• **Work request**
Retype word for word the lines of the data below, from the first to the one bearing "exists P : 'M[F]_n, [/\", with that one included.
^^^^
Definition phi (F : fieldType) (a b c : F) (d i : nat) : F :=
  i%:R * (i%:R - d%:R - 1) * (a - b + c - half F d + i%:R)
       * (a - b - c - half F d + i%:R - 1).

(* scalar by which delta = A + B + C acts *)
Definition delta_val (F : fieldType) (a b c : F) (d : nat) : F :=
  half F d * (half F d + 1) + a * (a + 1) + b * (b + 1) + c * (c + 1).

Definition RA (F : fieldType) (a b c : F) (d : nat) : 'M[F]_(d.+1) :=
  \matrix_(i, j) (if i == j :> nat then theta a d j
                  else if i == j.+1 :> nat then 1 else 0).

Definition RB (F : fieldType) (a b c : F) (d : nat) : 'M[F]_(d.+1) :=
  \matrix_(i, j) (if i == j :> nat then theta b d j
                  else if i.+1 == j :> nat then varphi a b c d j else 0).

Definition RC (F : fieldType) (a b c : F) (d : nat) : 'M[F]_(d.+1) :=
  (delta_val a b c d)%:M - RA a b c d - RB a b c d.

Definition RD (F : fieldType) (a b c : F) (d : nat) : 'M[F]_(d.+1) :=
  (2%:R)^-1 *: mxcomm (RA a b c d) (RB a b c d).

Definition racah_iso (F : fieldType) (n : nat)
    (A1 B1 C1 D1 A2 B2 C2 D2 : 'M[F]_n) : Prop :=
  exists P : 'M[F]_n, [/\ P \in unitmx, P *m A1 = A2 *m P, P *m B1 = B2 *m P,
                          P *m C1 = C2 *m P & P *m D1 = D2 *m P].

Definition Rd_iso (F : fieldType) (d : nat) (a b c a' b' c' : F) : Prop :=
  racah_iso (RA a b c d) (RB a b c d) (RC a b c d) (RD a b c d)
            (RA a' b' c' d) (RB a' b' c' d) (RC a' b' c' d) (RD a' b' c' d).

Definition v0 (F : fieldType) (d : nat) : 'cV[F]_(d.+1) := delta_mx 0 0.

Definition wvec (F : fieldType) (a b c : F) (d i : nat) : 'cV[F]_(d.+1) :=
  (\prod_(h < i) (RA a b c d - (theta a d (d - h))%:M)) *m v0 F d.

Definition Wmx (F : fieldType) (a b c : F) (d : nat) : 'M[F]_(d.+1) :=
  \matrix_(i, j) wvec a b c d j i 0.

(* The matrices of A and B on R_d(a,b,c) satisfy the cubic relation
   [A,[A,B]] = 2(AB + BA) + 2A^2 - 2 delta A + 2 alpha (that is, 2[A,D] =
   2(alpha - AC + BA) with C = delta - A - B), checked directly on the basis
   v_i.  The vectors w_i are unitriangular in the v_i, w_(d+1) = 0 by
   Cayley-Hamilton, and A w_i = theta_(d-i) w_i + w_(i+1), where theta_(d-i) is
   theta_i for the parameter -a-1.  As delta and alpha are invariant under
   a |-> -a-1, expanding the cubic relation on w_i yields B w_(i+2) from B w_i
   and B w_(i+1), exactly as on the v_i of R_d(-a-1,b,c); so B acts on the w_i
   as on that basis, with varphi(-a-1) = phi, and the change of basis to the
   w_i intertwines R_d(-a-1,b,c) with R_d(a,b,c). *)

From Pilot Require Import Defs.
From HB Require Import structures.
From mathcomp Require Import all_boot all_order all_algebra all_field.
From mathcomp Require Import ring zify.
Set Implicit Arguments. Unset Strict Implicit. Unset Printing Implicit Defensive.
Import Order.TTheory GRing.Theory Num.Theory.
Local Open Scope ring_scope.

Section CubicRelation.

Variables (F : fieldType) (n : nat).

Definition racah_cubic (A B : 'M[F]_n) (del al : F) : 'M[F]_n :=
  mxcomm A (mxcomm A B) - 2%:R *: (A *m B + B *m A) - 2%:R *: (A *m A)
  + (2%:R * del) *: A - (2%:R * al)%:M.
^^^^
• **Final answer**
Definition phi (F : fieldType) (a b c : F) (d i : nat) : F :=
  i%:R * (i%:R - d%:R - 1) * (a - b + c - half F d + i%:R)
       * (a - b - c - half F d + i%:R - 1).

(* scalar by which delta = A + B + C acts *)
Definition delta_val (F : fieldType) (a b c : F) (d : nat) : F :=
  half F d * (half F d + 1) + a * (a + 1) + b * (b + 1) + c * (c + 1).

Definition RA (F : fieldType) (a b c : F) (d : nat) : 'M[F]_(d.+1) :=
  \matrix_(i, j) (if i == j :> nat then theta a d j
                  else if i == j.+1 :> nat then 1 else 0).

Definition RB (F : fieldType) (a b c : F) (d : nat) : 'M[F]_(d.+1) :=
  \matrix_(i, j) (if i == j :> nat then theta b d j
                  else if i.+1 == j :> nat then varphi a b c d j else 0).

Definition RC (F : fieldType) (a b c : F) (d : nat) : 'M[F]_(d.+1) :=
  (delta_val a b c d)%:M - RA a b c d - RB a b c d.

Definition RD (F : fieldType) (a b c : F) (d : nat) : 'M[F]_(d.+1) :=
  (2%:R)^-1 *: mxcomm (RA a b c d) (RB a b c d).

Definition racah_iso (F : fieldType) (n : nat)
    (A1 B1 C1 D1 A2 B2 C2 D2 : 'M[F]_n) : Prop :=
  exists P : 'M[F]_n, [/\ P \in unitmx, P *m A1 = A2 *m P, P *m B1 = B2 *m P,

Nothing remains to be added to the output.